= Public Narrative =

Public Narrative – founded in 1989 as the Community Media Workshop – is a nonprofit organization based in Chicago that connects neglected communities with the media to promote better news coverage.

The stated aim is to be a catalyst for change in an informed society.

"We believe that a free and informed press, as well as an educated public, are the cornerstones of democracy," according to the organization's website at publicnarrative.org

Among Public Narrative's programs:

- Regular classes and workshops for both community groups and journalists, along with regular cable and radio shows.
- "Making Media Connections", a yearly workshop featuring thousands of journalists and nonprofit communicators.
- "Getting on the Air and Into Print", a regional media directory of more than 600 outlets and 3,500 journalists.
- The Ethnic & Community Media Project, supporting nearly 200 ethnic and media outlets in the Chicago area.
- The Studs Terkel Media Awards, recognizing outstanding journalists who dig deeply into community issues. Terkel participated in the award until his death, and the awards continue in his name.

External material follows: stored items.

(* Let $a_1,\dots,a_n$ be real numbers with $n=k\ell$ odd (for positive integers $k,\ell$). Let $\Pi$ be the set of all partitions $\pi=\{S_1,\dots,S_\ell\}$ of $[n]$ into $\ell$ blocks each of size $k$. Then \[ \operatorname{median}_{\pi\in\Pi}\ \operatorname{median}_{b\in[\ell]}\ \operatorname{median}_{i\in S_b} a_i=\operatorname{median}_{i\in[n]} a_i . \]
   Context: The median of a finite list of odd length is its middle element after sorting; the median of a list of even length (which may occur for the outer median over $\Pi$) is the average of its two middle elements. The outer median is taken over the list of values, one for each partition $\pi\in\Pi$. *)

From HB Require Import structures.
From mathcomp Require Import all_boot all_order all_algebra.
Set Implicit Arguments. Unset Strict Implicit. Unset Printing Implicit Defensive.
Import Order.TTheory GRing.Theory Num.Theory.
Local Open Scope ring_scope.

(* Median of a finite list: middle element of the sorted list for odd length,
   average of the two middle elements for even length (0 for the empty list,
   a case that never arises in the statement). *)
Definition median (R : realFieldType) (s : seq R) : R :=
  let t := sort <=%R s in
  let m := size t in
  if odd m then nth 0 t m./2
  else (nth 0 t m./2.-1 + nth 0 t m./2) / 2%:R.

Definition is_equipartition (n k l : nat) (P : {set {set 'I_n}}) : bool :=
  [&& partition P [set: 'I_n], (#|P| == l)%N & [forall B in P, (#|B| == k)%N]].

Definition equipartitions (n k l : nat) : seq {set {set 'I_n}} :=
  enum (is_equipartition k l).

Definition med_med (R : realFieldType) (n : nat) (a : 'I_n -> R)
    (P : {set {set 'I_n}}) : R :=
  median [seq median [seq a i | i <- enum (pred_of_set B)] | B : {set 'I_n} <- enum (pred_of_set P)].

From HB Require Import structures.
From mathcomp Require Import all_boot all_order all_algebra all_fingroup zify lra.
Set Implicit Arguments. Unset Strict Implicit. Unset Printing Implicit Defensive.
Import Order.TTheory GRing.Theory Num.Theory.
Local Open Scope ring_scope.

(* Medians commute with nondecreasing maps, and relabelling [n] by a permutation
   permutes the set of equipartitions.  Sorting a therefore reduces the theorem
   to the rank vector c i = i, whose nested medians a is a monotone image of.
   For c, the reversal i |-> n-1-i permutes the equipartitions and sends each
   nested median x to n-1-x, so as many of them lie strictly below (n-1)/2 as
   strictly above, while the partition into consecutive blocks attains (n-1)/2.
   Hence fewer than half of the values lie strictly on either side of (n-1)/2,
   which characterises the median (for either parity of |Pi|). *)

Lemma sub_in_count (T : eqType) (a1 a2 : pred T) (s : seq T) :
  {in s, subpred a1 a2} -> (count a1 s <= count a2 s)%N.
Proof.
elim: s => //= x s IHs sub12; rewrite leq_add ?IHs //; last first.
  by move=> y ys; apply: sub12; rewrite inE ys orbT.
by case: (a1 x) (sub12 x (mem_head x s)) => // ->.
Qed.

Section Median.
Variable R : realFieldType.
Implicit Types (s t : seq R) (x : R).

Lemma perm_median s1 s2 : perm_eq s1 s2 -> median s1 = median s2.
Proof. by move=> s12; rewrite /median (perm_sortP le_total le_trans le_anti _ _ s12). Qed.

Lemma sorted_nth_eq t x j : sorted <=%R t ->
  (count (< x) t <= j)%N -> (j < size t - count (> x) t)%N -> nth 0 t j = x.
Proof.
move=> st lo hi; have jt : (j < size t)%N by lia.
have le_nth i i' : (i <= i')%N -> (i' < size t)%N -> nth 0 t i <= nth 0 t i'.
  by move=> ii' i't; apply: le_sorted_leq_nth; rewrite ?inE // (leq_ltn_trans ii').
case: (ltgtP (nth 0 t j) x) => // [tj_lt_x | x_lt_tj].
- suff: (j.+1 <= count (< x) t)%N by lia.
  have : all (< x) (take j.+1 t).
    apply/(all_nthP 0) => i; rewrite size_takel // => ij.
    by rewrite nth_take //= (le_lt_trans _ tj_lt_x) // le_nth.
  rewrite all_count size_takel // => /eqP count_take.
  by rewrite -(cat_take_drop j.+1 t) count_cat count_take leq_addr.
- suff: (size t - j <= count (> x) t)%N by lia.
  have : all (> x) (drop j t).
    apply/(all_nthP 0) => i; rewrite size_drop => ij.
    by rewrite nth_drop /= (lt_le_trans x_lt_tj) // le_nth ?leq_addr // -ltn_subRL.
  rewrite all_count size_drop => /eqP count_drop.
  by rewrite -[X in count _ X](cat_take_drop j t) count_cat count_drop leq_addl.
Qed.

Lemma median_eq_count s x :
  (2 * count (< x) s < size s)%N -> (2 * count (> x) s < size s)%N ->
  median s = x.
Proof.
rewrite /median; have st : sorted <=%R (sort <=%R s) := sort_sorted le_total s.
have count_sort := seq.permP (permEl (perm_sort <=%R s)).
rewrite -(size_sort <=%R s) -!count_sort; move: (sort _ s) st => t st lo hi.
(* Restated so that every [size t] and [count] carries the same implicit type,
   which lia needs to treat them as the same atom. *)
have {}lo : (2 * count (< x) t < size t)%N := lo.
have {}hi : (2 * count (> x) t < size t)%N := hi.
have := odd_double_half (size t); rewrite -muln2.
case: ifP => odd_t /= size_t.
  by apply: sorted_nth_eq => //; lia.
rewrite (@sorted_nth_eq t x (size t)./2.-1) ?(@sorted_nth_eq t x (size t)./2) //; try lia.
lra.
Qed.

Lemma sorted_count_lt_nth t j : sorted <=%R t -> (j < size t)%N ->
  (count (< nth 0%R t j) t <= j)%N.
Proof.
move=> st jt; set x := nth 0 t j.
have : all (>= x) (drop j t).
  apply/(all_nthP 0) => i; rewrite size_drop => ij.
  by rewrite nth_drop /= le_sorted_leq_nth ?inE ?leq_addr // -ltn_subRL.
move=> drop_ge; rewrite -[X in count _ X](cat_take_drop j t) count_cat.
rewrite (@eq_in_count _ _ pred0 (drop j t)) ?count_pred0 ?addn0; last first.
  by move=> y /(allP drop_ge) /= xy; rewrite ltNge xy.
by rewrite (leq_trans (count_size _ _)) // size_takel // ltnW.
Qed.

From 2014 until August 2019, Public Narrative's president was Susy Schultz, a journalist, educator, and social advocate. She was succeeded by Jhmira Alexander, who was co-president with Schultz for the preceding eight months.

"Our work has always been to give voice to the voiceless in the city's neighborhood," she said, "and to help ensure those in the media and those in power listen."

Public Narrative has its headquarters at Columbia College Chicago.

==History==
Founded in 1989 as Community Media Workshop, the Workshop believed that thoughtful news with diverse sources is a catalyst for change and the key to successful democracy and healthy communities. The name of the organization was changed in 2015.